§ Data shown:
Lemma poly_overD q1 q2 : poly_over q1 -> poly_over q2 -> poly_over (q1 + q2).
Proof. by move=> S1 S2 k; rewrite coefD; apply: (subringD subS). Qed.

Lemma poly_overN q : poly_over q -> poly_over (- q).
Proof. by move=> Sq k; rewrite coefN; apply: subringN. Qed.

Lemma poly_overB q1 q2 : poly_over q1 -> poly_over q2 -> poly_over (q1 - q2).
Proof. by move=> S1 S2; apply: poly_overD S1 (poly_overN S2). Qed.

Lemma poly_overM q1 q2 : poly_over q1 -> poly_over q2 -> poly_over (q1 * q2).
Proof.
by move=> S1 S2 k; rewrite coefM; apply: subring_sum => j _; apply: (subringM subS).
Qed.

Lemma poly_overC c : S c -> poly_over c%:P.
Proof. by move=> Sc k; rewrite coefC; case: ifP => // _; exact: subring_mem0. Qed.

Lemma poly_overXn n : poly_over 'X^n.
Proof.
by move=> k; rewrite coefXn; case: (k == n); [exact: subring_mem1 | exact: subring_mem0].
Qed.

Lemma poly_overZ c q : S c -> poly_over q -> poly_over (c *: q).
Proof. by move=> Sc Sq k; rewrite coefZ; apply: (subringM subS). Qed.

Lemma poly_over_divp_monic q d : poly_over q -> poly_over d -> d \is monic ->
  exists s t, [/\ poly_over s, poly_over t, q = s * d + t & (size t < size d)%N].
Proof.
move=> + Sd md; have [n] := ubnP (size q); elim: n q => // n IHn q.
rewrite ltnS => le_qn Sq; have [lt_qd|le_dq] := ltnP (size q) (size d).
  by exists 0, q; rewrite mul0r add0r; split=> //; exact: poly_over0.
have q_neq0 : q != 0.
  by rewrite -size_poly_gt0 (leq_trans _ le_dq) // size_poly_gt0 monic_neq0.
set c := lead_coef q *: 'X^(size q - size d).
have Sc : poly_over c by apply: poly_overZ (poly_overXn _); rewrite lead_coefE.
have lt_qcd : (size (q - c * d)%R < n)%N.
  exact: leq_trans (size_sub_lead_mul_monic md q_neq0 le_dq) le_qn.
have [s [t [Ss St qcd_eq lt_td]]] := IHn _ lt_qcd (poly_overB Sq (poly_overM Sc Sd)).
exists (s + c), t; split=> //; first exact: poly_overD.
by rewrite mulrDl addrAC -qcd_eq subrK.
Qed.

End FrobeniusSubring.

Section LiftModIdeal.
Variables (K : fieldType) (B : comNzRingType) (p : nat).
Hypotheses (pK : p \in [pchar K]) (pB : p \in [pchar B]).
Variables (I Z : B -> Prop).
Hypotheses (idI : is_ideal I) (idZ : is_ideal Z).
Hypothesis Zp_sub_I : forall z, Z z -> I (z ^+ p).
Variable phi : K -> B.
Hypotheses (phiD : {morph phi : a b / a + b}) (phi1 : phi 1 = 1).
Hypothesis phiM : forall a b, Z (phi (a * b) - phi a * phi b).

Let p_gt1 : (1 < p)%N. Proof. exact/prime_gt1/(pcharf_prime pK). Qed.
Let p_gt0 : (0 < p)%N. Proof. exact: ltnW p_gt1. Qed.

Lemma phi0 : phi 0 = 0.
Proof. by apply: (addrI (phi 0)); rewrite -phiD !addr0. Qed.

Lemma phi_sum (J : Type) (r : seq J) (P : pred J) (F : J -> K) :
  phi (\sum_(j <- r | P j) F j) = \sum_(j <- r | P j) phi (F j).
Proof. by elim/big_rec2: _ => [|j y1 y2 _ <-]; rewrite ?phi0 ?phiD. Qed.

Lemma phiX_mod a n : Z (phi (a ^+ n) - phi a ^+ n).
Proof.
elim: n => [|n IHn]; first by rewrite !expr0 phi1; exact: (ideal_subrr idZ).
rewrite !exprSr; apply: (ideal_subr_trans idZ (phiM _ _)).
exact (ideal_subrM idZ IHn (ideal_subrr idZ _)).
Qed.

Lemma frobenius_subr_mod u v : Z (u - v) -> I (u ^+ p - v ^+ p).
Proof. by rewrite -!(pFrobenius_autE pB) -rmorphB; apply: Zp_sub_I. Qed.

Record partial_lift (S : K -> Prop) (f : K -> B) : Prop := PartialLift {
  pl_subring : frob_subring p S;
  pl_additive : forall x y, S x -> S y -> f (x + y) = f x + f y;
  pl_multiplicative : forall x y, S x -> S y -> I (f (x * y) - f x * f y);
  pl_congr : forall x, S x -> Z (f x - phi x);
  pl_frobenius : forall c, f (c ^+ p) = phi c ^+ p }.

Definition lift_le (u v : (K -> Prop) * (K -> B)) :=
  (forall y, u.1 y -> v.1 y) /\ (forall y, u.1 y -> v.2 y = u.2 y).

Lemma lift_le_refl u : lift_le u u.
Proof. by split. Qed.

Lemma lift_le_trans u v w : lift_le u v -> lift_le v w -> lift_le u w.
Proof.
move=> [uv fuv] [vw fvw]; split=> y uy; first exact/vw/uv.
by rewrite fvw ?fuv //; apply: uv.
Qed.

Section PartialLiftTheory.
Variables (S : K -> Prop) (f : K -> B).
Hypothesis Sf : partial_lift S f.
Let subS := pl_subring Sf.

Lemma pl_f0 : f 0 = 0.
Proof. by have := pl_frobenius Sf 0; rewrite phi0 !expr0n gtn_eqF. Qed.

Lemma pl_f1 : f 1 = 1.
Proof. by have := pl_frobenius Sf 1; rewrite phi1 !expr1n. Qed.

Lemma pl_fN x : S x -> f (- x) = - f x.
Proof.
move=> Sx; apply/eqP; rewrite -addr_eq0 -(pl_additive Sf) ?addNr ?pl_f0 //.
exact: (subringN subS).
Qed.

Lemma pl_f_sum (J : Type) (r : seq J) (P : pred J) (F : J -> K) :
  (forall j, P j -> S (F j)) ->
  f (\sum_(j <- r | P j) F j) = \sum_(j <- r | P j) f (F j).
Proof.
move=> SF; elim: r => [|j r IHr]; first by rewrite !big_nil pl_f0.
rewrite !big_cons; case: ifP => // Pj.
have Sr : S (\sum_(i <- r | P i) F i) by apply: (subring_sum subS).
by rewrite (pl_additive Sf) ?IHr //; apply: SF.
Qed.

End PartialLiftTheory.

Section Adjoin.
Variables (S : K -> Prop) (f : K -> B).
Hypothesis Sf : partial_lift S f.
Let subS := pl_subring Sf.
Variable a : K.
Hypothesis a_notin_S : ~ S a.

Let Sap : S (a ^+ p). Proof. exact: (frob_mem subS). Qed.

Let mp := 'X^p - (a ^+ p)%:P.

Let poly_over_mp : poly_over S mp.
Proof. exact (poly_overB subS (poly_overXn subS p) (poly_overC subS Sap)). Qed.

Let mpE : mp = ('X - a%:P) ^+ p.
Proof.
have pP : p \in [pchar {poly K}] by rewrite pchar_poly.
by rewrite -(pFrobenius_autE pP) rmorphB /= !pFrobenius_autE -polyC_exp.
Qed.

Let root_mp : root mp a.
Proof. by rewrite rootE !hornerE subrr. Qed.

(* A monic factor over [S] of [X^p - a^p = (X - a)^p] is some [(X - a)^k];
   its coefficient [- k a] lies in [S], which forces [k = 0] or [k = p]. *)
Lemma poly_over_root_size (r : {poly K}) :
  poly_over S r -> r != 0 -> root r a -> (p < size r)%N.
Proof.
have [n] := ubnP (size r); elim: n r => // n IHn r; rewrite ltnS => le_rn Sr r_neq0 ra.
rewrite ltnNge; apply/negP => le_rp.
have lc_neq0 : lead_coef r != 0 by rewrite lead_coef_eq0.
set r1 := (lead_coef r)^-1 *: r.
have Sr1 : poly_over S r1.
  by apply: (poly_overZ subS) => //; apply: (subringV subS); rewrite lead_coefE.
have mr1 : r1 \is monic by apply/monicP; rewrite lead_coefZ mulVf.
have size_r1 : size r1 = size r by rewrite size_scale ?invr_eq0.
have r1a : root r1 a by rewrite rootZ ?invr_eq0.
have [s [t [_ St mp_eq lt_t]]] := poly_over_divp_monic subS poly_over_mp Sr1 mr1.
have t_eq0 : t = 0.
  apply/eqP; apply: contraLR le_rp => t_neq0; rewrite -ltnNge.
  have ta : root t a.
    by move: root_mp; rewrite mp_eq rootE hornerD hornerM (rootP r1a) mulr0 add0r.
  have lt_tn : (size t < n)%N by rewrite (leq_trans lt_t) // size_r1.
  by rewrite (ltn_trans (IHn t lt_tn St t_neq0 ta)) // -size_r1.
have /dvdp_exp_XsubCP[k le_kp] : r1 %| ('X - a%:P) ^+ p.
  by rewrite -mpE mp_eq t_eq0 addr0 dvdp_mull.
rewrite eqp_monic ?monic_exp ?monicXsubC // => /eqP r1E.
case: k r1E le_kp => [|k] r1E le_kp.
  by move: r1a; rewrite r1E expr0 rootE hornerC oner_eq0.
have lt_kp : (k.+1 < p)%N by move: le_rp; rewrite -size_r1 r1E size_exp_XsubC.
have Sak : S (a *+ k.+1).
  by rewrite -[_ *+ _]opprK -coef_XsubC_expn -r1E; apply/(subringN subS)/Sr1.
have k_neq0 : k.+1%:R != 0 :> K by rewrite -(dvdn_pcharf pK) gtnNdvd.
apply: a_notin_S; rewrite -[a](mulfK k_neq0) mulr_natr.
by apply: (subringM subS) Sak _; apply/(subringV subS)/(subring_mem_nat subS).
Qed.

Definition lift_eval (q : {poly K}) := (map_poly f q).[phi a].

Lemma lift_evalD q1 q2 : poly_over S q1 -> poly_over S q2 ->
  lift_eval (q1 + q2) = lift_eval q1 + lift_eval q2.
Proof.
move=> S1 S2; rewrite /lift_eval -hornerD; congr _.[_]; apply/polyP => i.
by rewrite coefD !coef_map_id0 ?(pl_f0 Sf) // coefD (pl_additive Sf).
Qed.

Lemma lift_evalN q : poly_over S q -> lift_eval (- q) = - lift_eval q.
Proof.
move=> Sq; rewrite /lift_eval -hornerN; congr _.[_]; apply/polyP => i.
by rewrite coefN !coef_map_id0 ?(pl_f0 Sf) // coefN (pl_fN Sf).
Qed.

Lemma lift_evalB q1 q2 : poly_over S q1 -> poly_over S q2 ->
  lift_eval (q1 - q2) = lift_eval q1 - lift_eval q2.
Proof. by move=> S1 S2; rewrite lift_evalD ?lift_evalN //; exact (poly_overN subS S2). Qed.

Lemma lift_evalC c : lift_eval c%:P = f c.
Proof.
rewrite /lift_eval (_ : map_poly f c%:P = (f c)%:P) ?hornerC //.
apply/polyP => i; rewrite coef_map_id0 ?(pl_f0 Sf) // !coefC.
by case: ifP; rewrite ?(pl_f0 Sf).
Qed.

Lemma lift_evalXn n : lift_eval 'X^n = phi a ^+ n.
Proof.
rewrite /lift_eval (_ : map_poly f 'X^n = 'X^n) ?hornerXn //.
apply/polyP => i; rewrite coef_map_id0 ?(pl_f0 Sf) // !coefXn.
by case: (i == n); rewrite ?(pl_f0 Sf) ?(pl_f1 Sf).
Qed.

Lemma lift_evalM_mod q1 q2 : poly_over S q1 -> poly_over S q2 ->
  I (lift_eval (q1 * q2) - lift_eval q1 * lift_eval q2).
Proof.
move=> S1 S2; rewrite /lift_eval -hornerM -hornerN -hornerD; apply: (ideal_horner idI) => k.
rewrite coefB coefM !coef_map_id0 ?(pl_f0 Sf) // coefM (pl_f_sum Sf); last first.
  by move=> j _; apply: (subringM subS).
rewrite -sumrB; apply: (ideal_sum idI) => j _.
by rewrite !coef_map_id0 ?(pl_f0 Sf) //; apply: (pl_multiplicative Sf).
Qed.

Lemma lift_eval_congr q : poly_over S q -> Z (lift_eval q - phi q.[a]).
Proof.
move=> Sq; rewrite /lift_eval (horner_coef_wide _ (size_poly _ _)) horner_coef phi_sum.
rewrite -sumrB; apply: (ideal_sum idZ) => i _; rewrite coef_map_id0 ?(pl_f0 Sf) //.
apply: (ideal_subr_trans idZ (y := phi q`_i * phi a ^+ i)).
  exact (ideal_subrM idZ (pl_congr Sf (Sq i)) (ideal_subrr idZ _)).
apply/(ideal_subr_sym idZ)/(ideal_subr_trans idZ (phiM _ _)).
exact (ideal_subrM idZ (ideal_subrr idZ _) (phiX_mod _ _)).
Qed.

Definition reduced_rep (y : K) (r : {poly K}) :=
  [/\ poly_over S r, (size r <= p)%N & r.[a] = y].

Definition adjoin (y : K) := exists r, reduced_rep y r.

Lemma reduced_rep_uniq y r1 r2 : reduced_rep y r1 -> reduced_rep y r2 -> r1 = r2.
Proof.
case=> S1 size_r1 r1a [S2 size_r2 r2a].
have size_r : (size (r1 - r2)%R <= p)%N.
  by rewrite (leq_trans (size_polyD _ _)) // size_polyN geq_max size_r1 size_r2.
have root_r : root (r1 - r2) a by rewrite rootE !hornerE r1a r2a subrr.
apply/eqP; rewrite -subr_eq0; apply: contraTT size_r => nz; rewrite -ltnNge.
exact: poly_over_root_size (poly_overB subS S1 S2) nz root_r.
Qed.

Lemma reduced_repC c : S c -> reduced_rep c c%:P.
Proof.
move=> Sc; split; [exact (poly_overC subS Sc) | | exact: hornerC].
exact: leq_trans (size_polyC_leq1 _) p_gt0.
Qed.

Lemma reduced_repX : reduced_rep a 'X.
Proof.
split; [exact (poly_overXn subS 1) | | exact: hornerX].
by rewrite size_polyX.
Qed.

Lemma reduced_repD y1 y2 r1 r2 :
  reduced_rep y1 r1 -> reduced_rep y2 r2 -> reduced_rep (y1 + y2) (r1 + r2).
Proof.
case=> S1 size_r1 <- [S2 size_r2 <-].
split; [exact (poly_overD subS S1 S2) | | exact: hornerD].
by rewrite (leq_trans (size_polyD _ _)) // geq_max size_r1 size_r2.
Qed.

§ The task: Take exactly the lines from the one containing "End PartialLiftTheory." through the one containing "have lt_tn : (size" in the data above, and output them with nothing added.

§ Reply to the task:
End PartialLiftTheory.

Section Adjoin.
Variables (S : K -> Prop) (f : K -> B).
Hypothesis Sf : partial_lift S f.
Let subS := pl_subring Sf.
Variable a : K.
Hypothesis a_notin_S : ~ S a.

Let Sap : S (a ^+ p). Proof. exact: (frob_mem subS). Qed.

Let mp := 'X^p - (a ^+ p)%:P.

Let poly_over_mp : poly_over S mp.
Proof. exact (poly_overB subS (poly_overXn subS p) (poly_overC subS Sap)). Qed.

Let mpE : mp = ('X - a%:P) ^+ p.
Proof.
have pP : p \in [pchar {poly K}] by rewrite pchar_poly.
by rewrite -(pFrobenius_autE pP) rmorphB /= !pFrobenius_autE -polyC_exp.
Qed.

Let root_mp : root mp a.
Proof. by rewrite rootE !hornerE subrr. Qed.

(* A monic factor over [S] of [X^p - a^p = (X - a)^p] is some [(X - a)^k];
   its coefficient [- k a] lies in [S], which forces [k = 0] or [k = p]. *)
Lemma poly_over_root_size (r : {poly K}) :
  poly_over S r -> r != 0 -> root r a -> (p < size r)%N.
Proof.
have [n] := ubnP (size r); elim: n r => // n IHn r; rewrite ltnS => le_rn Sr r_neq0 ra.
rewrite ltnNge; apply/negP => le_rp.
have lc_neq0 : lead_coef r != 0 by rewrite lead_coef_eq0.
set r1 := (lead_coef r)^-1 *: r.
have Sr1 : poly_over S r1.
  by apply: (poly_overZ subS) => //; apply: (subringV subS); rewrite lead_coefE.
have mr1 : r1 \is monic by apply/monicP; rewrite lead_coefZ mulVf.
have size_r1 : size r1 = size r by rewrite size_scale ?invr_eq0.
have r1a : root r1 a by rewrite rootZ ?invr_eq0.
have [s [t [_ St mp_eq lt_t]]] := poly_over_divp_monic subS poly_over_mp Sr1 mr1.
have t_eq0 : t = 0.
  apply/eqP; apply: contraLR le_rp => t_neq0; rewrite -ltnNge.
  have ta : root t a.
    by move: root_mp; rewrite mp_eq rootE hornerD hornerM (rootP r1a) mulr0 add0r.
  have lt_tn : (size t < n)%N by rewrite (leq_trans lt_t) // size_r1.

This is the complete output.